La Santa

August 25, 2021

No, my title isn’t a reference to Christmas. It’s the feminine form of El Santo, the Saint (1917-1984), Mexico’s most famous and popular wrestler/actor from a few decades past.

El Santo in his prime. The silver mask was never publicly removed until a week before he died

I wrote recently about Dorada, the rescued street dog who came to live here two months ago. Three weeks back, I noticed a strange growth on her rear quarters, and two different vets confirmed she had a case of canine transmissible venereal tumour. (Careful – the pictures are gross). It starts small, but it easily spreads, both inside the dog that has it and to others with which she has contact. Dogs sniff and lick each other all the time, so it has an easy means of spreading. And it’s quite prevalent in Mexico.

Before she was rescued, and spayed, she had at least two litters of puppies fathered by other street dogs, so there was no mystery about how she acquired the condition. Thankfully, the treatment, a form of chemotherapy, is highly effective.

But Dori is an amazingly strong dog, as I mentioned in my first post. I’ve wrangled large dogs before, but I’ve never encountered one with the strength of a small horse, like this one. She would give the original El Santo a run for his pumped-up biceps. If I didn’t know this before, I discovered the reality on Tuesday.

For her first chemotherapy session, her rescuer Lucero took her, with me, to the vet, and we jointly managed the dog. For her session this week, she couldn’t drive me, so we arranged with Gabino, the next door neighbour, to use his taxi-cab to get there. 

He meticulously insisted on a clean blanket for the back seat to catch the dog-hairs, and on the journey there, she was mostly well behaved. So far, I thought, so more-or-less good. He dropped us off, agreeing to come back in a short while. 

The vet’s office was not yet open, so I had to wait for five minutes while Dori tried to escape my firm grip on the leash. I soon had red welts on my hand and wrist from the pressure her lunges applied to the chain wrapped around them.
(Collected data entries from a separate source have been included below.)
(* Let $n\ge1$, fix $a\in\{0,1\}$ and a time $t\in\{0,1,\dots,t_{\max}\}$, and let $U=\{u\in\{0,\dots,t_{\max}\}:u\le t\}$. Given data $X_1,\dots,X_n\in\mathcal X$, indicators $\iota_{iu}=\mathbf 1(A_i=a,G_i^u=1)\in\{0,1\}$ and real numbers $\hat r_{iu}=\hat r_u(X_i,a)$ for $i\le n$, $u\in U$, and a norm $\|\cdot\|$ on a vector space of real functions on $\mathcal X$, and $\sigma>0$, suppose $\hat\omega\in\mathbb R^{n\times U}$ minimizes $$I(\omega)^2+\frac{\sigma^2}{nt}\sum_{i=1}^n\sum_{u\in U}\hat r_{iu}^2\iota_{iu}\omega_{iu}^2,\qquad I(\omega)=\sup_{\sum_{u\in U}\|h_u\|^2\le1}\frac1n\sum_{i=1}^n\sum_{u\in U}\big\{\hat r_{iu}h_u(X_i)-\iota_{iu}\hat r_{iu}\omega_{iu}h_u(X_i)\big\}.$$ Then for each $u\in U$, the vector $\hat\omega_u=(\hat\omega_{1u},\dots,\hat\omega_{nu})$ minimizes over $\omega_u\in\mathbb R^n$ $$I_u(\omega_u)^2+\frac{\sigma^2}{nt}\sum_{i=1}^n\hat r_{iu}^2\iota_{iu}\omega_{iu}^2,\qquad I_u(\omega_u)=\sup_{\|h_u\|\le1}\frac1n\sum_{i=1}^n\big\{\hat r_{iu}h_u(X_i)-\iota_{iu}\hat r_{iu}\omega_{iu}h_u(X_i)\big\}.$$
   Context: Here $A_i\in\{0,1\}$ is a treatment indicator, $G_i^u=\mathbf 1(\tilde T_i\ge u)$ is an at-risk indicator, and $\hat r_u(x,a)$ are given real-valued functions; in the paper $\hat r_u(x,a)=-\hat S_t(x,a)\hat S_{u-1}(x,a)/\hat S_u(x,a)$ for an estimated survival function $\hat S$, but the statement holds for arbitrary real $\hat r_{iu}$. *)

From HB Require Import structures.
From mathcomp Require Import all_boot all_order all_algebra.
From mathcomp Require Import all_classical all_reals.
From mathcomp Require Import ereal topology normedtype.
Set Implicit Arguments. Unset Strict Implicit. Unset Printing Implicit Defensive.
Import Order.TTheory GRing.Theory Num.Theory.
Import numFieldNormedType.Exports.
Local Open Scope classical_set_scope.
Local Open Scope ring_scope.

(* Setting: H is a normed real vector space whose elements are real functions
   on the covariate space X via the (linear, injective) evaluation map [ev].
   Index set U = {0,...,t} is modelled by 'I_t.+1.
   Data: Xs i = X_i, iota i u = iota_{iu} (a boolean, cast to {0,1}),
   r i u = hat r_{iu}, w i u = omega_{iu}. *)

Section Defs.
Variables (R : realType) (H : normedModType R) (X : Type)
  (ev : H -> X -> R) (n t : nat)
  (Xs : 'I_n -> X) (iota : 'I_n -> 'I_t.+1 -> bool) (r : 'I_n -> 'I_t.+1 -> R)
  (sigma : R).

Definition Ifull (w : 'I_n -> 'I_t.+1 -> R) : \bar R :=
  ereal_sup [set ((n%:R)^-1 * \sum_(i < n) \sum_(u < t.+1)
                   (r i u * ev (h u) (Xs i)
                    - (iota i u)%:R * r i u * w i u * ev (h u) (Xs i)))%:E
            | h in [set h : 'I_t.+1 -> H | \sum_(u < t.+1) `|h u| ^+ 2 <= 1]].

Definition Iu (u : 'I_t.+1) (wu : 'I_n -> R) : \bar R :=
  ereal_sup [set ((n%:R)^-1 * \sum_(i < n)
                   (r i u * ev h (Xs i)
                    - (iota i u)%:R * r i u * wu i * ev h (Xs i)))%:E
            | h in [set h : H | `|h| <= 1]].

Definition objfull (w : 'I_n -> 'I_t.+1 -> R) : \bar R :=
  (Ifull w * Ifull w +
   (sigma ^+ 2 / (n%:R * t%:R) *
    \sum_(i < n) \sum_(u < t.+1) r i u ^+ 2 * (iota i u)%:R * w i u ^+ 2)%:E)%E.

Definition obju (u : 'I_t.+1) (wu : 'I_n -> R) : \bar R :=
  (Iu u wu * Iu u wu +
   (sigma ^+ 2 / (n%:R * t%:R) *
    \sum_(i < n) r i u ^+ 2 * (iota i u)%:R * wu i ^+ 2)%:E)%E.

End Defs.

From HB Require Import structures.
From mathcomp Require Import all_boot all_order all_algebra.
From mathcomp Require Import all_classical all_reals.
From mathcomp Require Import ereal topology normedtype.
Import Order.TTheory GRing.Theory Num.Theory.
Import numFieldNormedType.Exports.
From mathcomp Require Import ring lra.
Local Open Scope ring_scope.

(* The penalized criterion separates over u.  I(omega) is the dual norm of the
   functional (h_u)_u |-> sum_u L_u(h_u) on the l2-sum of copies of the normed
   space, where L_u is the linear functional whose dual norm is I_u(omega_u);
   Cauchy-Schwarz and scaled near-maximizers show that this dual norm is
   sqrt (sum_u I_u(omega_u)^2).  Hence the full objective is the sum over u of
   the per-u objectives, and a minimizer of a finite separable sum minimizes
   each summand: change only its u-th block. *)

Set Implicit Arguments. Unset Strict Implicit.

Lemma sum_mul_le_sqrt (R : realType) (I : finType) (a b : I -> R) :
  \sum_i b i ^+ 2 <= 1 -> \sum_i a i * b i <= Num.sqrt (\sum_i a i ^+ 2).
Proof.
move=> b_le1; set S := Num.sqrt _.
have a2_ge0 : 0 <= \sum_i a i ^+ 2 by apply: sumr_ge0 => i _; exact: sqr_ge0.
have S2 : S ^+ 2 = \sum_i a i ^+ 2 by rewrite sqr_sqrtr.
have [S0|S_gt0] := eqVneq S 0.
  have sum0 : \sum_i a i ^+ 2 = 0 by rewrite -S2 S0 expr0n.
  have a0 i : a i = 0.
    apply/eqP; rewrite -sqrf_eq0; apply/eqP.
    exact: (psumr_eq0P (fun j _ => sqr_ge0 (a j)) sum0).
  by rewrite S0 big1 // => i _; rewrite a0 mul0r.
have {}S_gt0 : 0 < S by rewrite lt_neqAle eq_sym S_gt0 sqrtr_ge0.
(* AM-GM: [a b <= a^2 / (2 S) + S b^2 / 2], which sums to [S / 2 + S / 2]. *)
have amgm i : a i * b i <= a i ^+ 2 / (2 * S) + S * b i ^+ 2 / 2.
  rewrite -subr_ge0.
  have -> : a i ^+ 2 / (2 * S) + S * b i ^+ 2 / 2 - a i * b i
           = (a i - S * b i) ^+ 2 / (2 * S) by field; rewrite gt_eqF.
  by rewrite divr_ge0 ?sqr_ge0 // mulr_ge0 // ltW.
apply: (le_trans (ler_sum _ (fun i _ => amgm i))).
rewrite big_split /= -!mulr_suml -mulr_sumr -S2.
have -> : S ^+ 2 / (2 * S) = S / 2 by field; rewrite gt_eqF.
have : S * (\sum_i b i ^+ 2) <= S by rewrite ler_piMr // ltW.
lra.
Qed.

Section DualNorm.
Variables (R : realType) (H : normedModType R).

Definition dual_norm (f : H -> R) : \bar R :=
  ereal_sup [set (f h)%:E | h in [set h : H | `|h| <= 1]].

Definition l2sum_dual_norm (m : nat) (L : 'I_m -> H -> R) : \bar R :=
  ereal_sup [set (\sum_(u < m) L u (h u))%:E
            | h in [set h : 'I_m -> H | \sum_(u < m) `|h u| ^+ 2 <= 1]].

Section LinearFunctional.
Variable f : H -> R.
Hypothesis f_linear : forall c h1 h2, f (c *: h1 + h2) = c * f h1 + f h2.

Lemma linfun0 : f 0 = 0.
Proof. by have := f_linear 1 0 0; rewrite scale1r addr0 mul1r; lra. Qed.

Lemma linfunZ c h : f (c *: h) = c * f h.
Proof. by rewrite -[c *: h]addr0 f_linear linfun0 addr0. Qed.

Lemma dual_norm_ge0 : (0 <= dual_norm f)%E.
Proof. by apply: ereal_sup_ubound; exists 0; rewrite /= ?normr0 ?linfun0. Qed.

Lemma le_dual_norm c h : dual_norm f = c%:E -> f h <= c * `|h|.
Proof.
move=> fc; have [->|h_neq0] := eqVneq h 0; first by rewrite linfun0 normr0 mulr0.
have h_gt0 : 0 < `|h| by rewrite normr_gt0.
have : ((f (`|h|^-1 *: h))%:E <= dual_norm f)%E.
  apply: ereal_sup_ubound; exists (`|h|^-1 *: h) => //=.
  by rewrite normrZ normrV ?unitfE ?gt_eqF // normr_id mulVf ?gt_eqF.
by rewrite fc lee_fin linfunZ ler_pdivrMl // mulrC.
Qed.

End LinearFunctional.

Section L2Sum.
Variables (m : nat) (L : 'I_m -> H -> R).
Hypothesis L_linear : forall u c h1 h2, L u (c *: h1 + h2) = c * L u h1 + L u h2.

Lemma l2sum_dual_norm_ge0 : (0 <= l2sum_dual_norm L)%E.
Proof.
apply: ereal_sup_ubound; exists (fun _ => 0).
  by rewrite /= big1 // => u _; rewrite normr0 expr0n.
by rewrite big1 // => u _; rewrite linfun0.
Qed.

Lemma dual_norm_le_l2sum u : (dual_norm (L u) <= l2sum_dual_norm L)%E.
Proof.
apply/ereal_supP => _ [h /= h_le1 <-]; apply: ereal_sup_ubound.
exists (fun v => if v == u then h else 0).
  rewrite /= (bigD1 u) //= eqxx big1 ?addr0; first by rewrite expr2 mulr_ile1.
  by move=> v /negbTE ->; rewrite normr0 expr0n.
by rewrite (bigD1 u) //= eqxx big1 ?addr0 // => v /negbTE ->; rewrite linfun0.
Qed.

Section FiniteDualNorms.
Variable c : 'I_m -> R.
Hypothesis dual_normL : forall u, dual_norm (L u) = (c u)%:E.

Lemma l2sum_dual_norm_le : (l2sum_dual_norm L <= (Num.sqrt (\sum_u c u ^+ 2))%:E)%E.
Proof.
apply/ereal_supP => _ [h /= h_le1 <-]; rewrite lee_fin.
apply: le_trans (sum_mul_le_sqrt c h_le1).
by apply: ler_sum => u _; exact: le_dual_norm.
Qed.

Lemma l2sum_dual_norm_ge : ((Num.sqrt (\sum_u c u ^+ 2))%:E <= l2sum_dual_norm L)%E.
Proof.
set S := Num.sqrt _.
have S2 : S ^+ 2 = \sum_u c u ^+ 2.
  by rewrite sqr_sqrtr // sumr_ge0 // => u _; exact: sqr_ge0.
have [->|S_neq0] := eqVneq S 0; first exact: l2sum_dual_norm_ge0.
have S_gt0 : 0 < S by rewrite lt_neqAle eq_sym S_neq0 sqrtr_ge0.
have cS_ge0 u : 0 <= c u / S.
  by apply: divr_ge0; [rewrite -lee_fin -dual_normL; exact: dual_norm_ge0 | exact: ltW].
have S_sum : \sum_u c u / S * c u = S.
  by under eq_bigr do rewrite mulrAC -expr2; rewrite -mulr_suml -S2 expr2 mulfK.
set K := \sum_u c u / S.
have K_ge0 : 0 <= K by exact: sumr_ge0.
(* Scaling near-maximizers of each [L u] by [c u / S] gives a unit vector. *)
have near_sup e : 0 < e -> ((S - e * K)%:E <= l2sum_dual_norm L)%E.
  move=> e_gt0.
  have approx u : exists h : H, `|h| <= 1 /\ c u - e < L u h.
    have : ((c u - e)%:E < dual_norm (L u))%E by rewrite dual_normL lte_fin ltrBlDr ltrDl.
    by move/ereal_sup_gt => [_ [h h_le1 <-]]; rewrite lte_fin; exists h.
  have [h hP] := choice approx.
  apply: (@le_trans _ _ (\sum_u L u ((c u / S) *: h u))%:E); last first.
    apply: ereal_sup_ubound; exists (fun u => (c u / S) *: h u) => //=.
    apply: (@le_trans _ _ (\sum_u (c u / S) ^+ 2)).
      apply: ler_sum => u _; rewrite normrZ exprMn ger0_norm //.
      by rewrite ler_piMr ?sqr_ge0 // expr2 mulr_ile1 // (hP u).1.
    by under eq_bigr do rewrite expr_div_n; rewrite -mulr_suml -S2 mulfV // expf_neq0.
  have -> : S - e * K = \sum_u c u / S * (c u - e).
    under eq_bigr do rewrite mulrBr.
    by rewrite sumrB S_sum /K mulr_sumr; congr (_ - _); apply: eq_bigr => u _; rewrite mulrC.
  rewrite lee_fin; apply: ler_sum => u _.
  by rewrite linfunZ ?ler_wpM2l // ltW // (hP u).2.
apply/lee_subgt0Pr => e e_gt0.
have e'_gt0 : 0 < e / (K + 1) by rewrite divr_gt0 // ltr_wpDl.
apply: le_trans (near_sup _ e'_gt0); rewrite -EFinB lee_fin lerD2l lerN2.
by rewrite mulrAC ler_pdivrMr ?ltr_wpDl // ler_pM2l // lerDl.
Qed.

Lemma l2sum_dual_normE :
  l2sum_dual_norm L = (Num.sqrt (\sum_u c u ^+ 2))%:E.
Proof. by apply/le_anti; rewrite l2sum_dual_norm_le l2sum_dual_norm_ge. Qed.

End FiniteDualNorms.

Lemma l2sum_dual_norm_sqr :
  (l2sum_dual_norm L * l2sum_dual_norm L
   = \sum_u dual_norm (L u) * dual_norm (L u))%E.
Proof.
have [fin|] := boolP [forall u, dual_norm (L u) \is a fin_num].
  pose c u := fine (dual_norm (L u)).
  have dual_normL u : dual_norm (L u) = (c u)%:E by rewrite fineK // (forallP fin u).
  rewrite (l2sum_dual_normE dual_normL) -EFinM -expr2 sqr_sqrtr; last first.
    by apply: sumr_ge0 => u _; exact: sqr_ge0.
  by rewrite -sumEFin; apply: eq_bigr => u _; rewrite dual_normL -EFinM expr2.
case/forallPn => u; rewrite ge0_fin_numE ?dual_norm_ge0 // -leNgt leye_eq.
move=> /eqP u_oo; have := dual_norm_le_l2sum u; rewrite u_oo leye_eq => /eqP ->.
rewrite (bigD1 u) //= u_oo mulyy addye // gt_eqF // (lt_le_trans ltNy0) //.
by apply: sume_ge0 => v _; apply: mule_ge0; exact: dual_norm_ge0.
Qed.

End L2Sum.
End DualNorm.

Lemma separable_sum_min (R : realType) (I : finType) (T : Type)
    (f : I -> T -> \bar R) (x : I -> T) :
  (forall i y, (0 <= f i y)%E) -> (\sum_i f i (x i) < +oo)%E ->
  (forall y : I -> T, (\sum_i f i (x i) <= \sum_i f i (y i))%E) ->
  forall i z, (f i (x i) <= f i z)%E.
Proof.
move=> f_ge0 sum_lty x_min i z.
set rest := (\sum_(j | j != i) f j (x j))%E.
have rest_fin : rest \is a fin_num.
  rewrite ge0_fin_numE ?sume_ge0 //; apply: le_lt_trans sum_lty.
  by rewrite (bigD1 i) //= leeDr.
have := x_min (fun j => if j == i then z else x j).
rewrite (bigD1 i) //= [X in (_ <= X)%E](bigD1 i) //= eqxx.
have -> : (\sum_(j | j != i) f j (if j == i then z else x j))%E = rest.
  by apply: eq_bigr => j /negbTE ->.
by rewrite leeD2rE.
Qed.

Theorem lemma1 (R : realType) (H : normedModType R) (X : Type)
  (ev : H -> X -> R)
  (ev_linear : forall (c : R) (h1 h2 : H) (x : X),
      ev (c *: h1 + h2) x = c * ev h1 x + ev h2 x)
  (ev_inj : injective ev)
  (n tmax t : nat) (hn : (1 <= n)%N) (ht : (t <= tmax)%N)
  (Xs : 'I_n -> X) (iota : 'I_n -> 'I_t.+1 -> bool) (r : 'I_n -> 'I_t.+1 -> R)
  (sigma : R) (hsigma : 0 < sigma)
  (what : 'I_n -> 'I_t.+1 -> R)
  (hfin : (objfull ev Xs iota r sigma what < +oo)%E)
  (hmin : forall w : 'I_n -> 'I_t.+1 -> R,
      (objfull ev Xs iota r sigma what <= objfull ev Xs iota r sigma w)%E) :
  forall (u : 'I_t.+1) (wu : 'I_n -> R),
    (obju ev Xs iota r sigma u (fun i => what i u)
     <= obju ev Xs iota r sigma u wu)%E.
Proof.
pose lin v (wv : 'I_n -> R) (h : H) := n%:R^-1 * \sum_(i < n)
  (r i v * ev h (Xs i) - (iota i v)%:R * r i v * wv i * ev h (Xs i)).
have lin_linear v wv c h1 h2 : lin v wv (c *: h1 + h2) = c * lin v wv h1 + lin v wv h2.
  rewrite /lin !mulr_sumr -big_split; apply: eq_bigr => i _ /=.
  by rewrite ev_linear; ring.
have objfull_sum w : objfull ev Xs iota r sigma w
    = (\sum_v obju ev Xs iota r sigma v (fun i => w i v))%E.
  rewrite /objfull.
  have -> : Ifull ev Xs iota r w = l2sum_dual_norm (fun v => lin v (fun i => w i v)).
    rewrite /Ifull /l2sum_dual_norm; congr ereal_sup; apply: eq_imagel => h _.
    by rewrite exchange_big mulr_sumr.
  rewrite (l2sum_dual_norm_sqr (fun v => lin_linear v _)) big_split /=.
  by rewrite sumEFin exchange_big mulr_sumr.
move=> u wu.
apply: (@separable_sum_min _ _ _ (obju ev Xs iota r sigma) (fun v i => what i v)).
- move=> v y; apply: adde_ge0; first by apply: mule_ge0; exact: dual_norm_ge0 (lin_linear v y).
  rewrite lee_fin mulr_ge0 ?divr_ge0 ?sqr_ge0 ?mulr_ge0 //.
  apply: sumr_ge0 => i _.
  by rewrite mulr_ge0 ?sqr_ge0 // mulr_ge0 ?sqr_ge0.
- by rewrite -objfull_sum.
- by move=> y; rewrite -objfull_sum -(objfull_sum (fun i v => y v i)).
Qed.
But the fun began inside. The vet, a woman, asked me to control here while she put in a needle, and Dori was having none of it. She had disliked the procedure the week before, and ‘Cooperation’ is definitely not her other name. I was leaning on top of her, trying to keep her from moving, while she demonstrated that she really was El Santo’s female canine equivalent, La Santa. She had no mask, but with my face pressed to her head, my anti-Covid N-95 rode up over my eyes so I couldn’t see. And the dog kicked and writhed and kicked some more. 

The vet finally gave up and asked her daughter, who is …. well, not small, to come and force the dog’s hind quarters to be still while I managed the front end. Finally, the jab was administered, the vet confirmed that the chemo had already started to reduce the tumour, and I paid and went outside to wait for Gabino.

Dori was now truly upset, and not willing to be patient. I had to move away from the vet’s doorway, because she wanted to lunge at any animal that was brought to it. She particularly wanted to kill and eat a cat or two, it seemed, since she howls at cats anyway, and three came for treatment while we waited. Gabino was five minutes late, then ten, then fifteen, and by this point we had moved in spasmodic jerks a hundred yards up the street and back again. My shoulders were beginning to ache from the effort, and my hands were raw in places from the tightened chain of the leash. I didn’t topple as she dashed around my legs, but I had to skip a light fandango at times to prevent it.

Gabino got us back safely to his house, but a truck was blocking the lane in front of us. No worries, I thought, it’s only thirty yards. Thanks, and see ya later, amigo.

And at this point, Gabino’s own dogs dashed out, and Dorada went nuts. With me yelling her name at her, and her waiting for the moment I shifted my grip on the leash to make a fresh lunge, we staggered yard by yard to the gate, where I tried to remain still as I put the key in the lock, the dog blanket draped over my arm and beginning to drag on the ground if I didn’t hold my arm high.

This was her big chance, she realised. With one almighty leap, she almost got away from me, only the leash being wrapped round my left fist preventing her. But I went crashing down onto my left hip and shoulder, the friction tore some skin off my finger, and it was arguable whether her barking dogfully or me barking her name was the louder contribution to the pandemonium. I finally dragged her to the gate, got her inside, and let her run off with the leash still attached while I caught my breath, and watched blood ooze over my left hand.

She let me retrieve the leash once she was re-quarantined in the corral where she has to stay for another week. And yes, I’m fine, apart from a bruise or three, and a missing piece of skin.

But while I’m used to dogs being cantankerous, this one is the strongest and most single-minded mutt I’ve ever tried to manage. 

Dogs are wonderful companions, and they can be rays of sunshine on a grey day. But they never show anything I can recognise as gratitude. This one has also cost a pretty peso in vet bills and in cinderblocks to close her exit-points for escaping. I won’t say I felt homicidal towards her as I limped up the stairs to put iodine and a bandage on my finger, but let’s say she has been testing my affections to the Nth degree.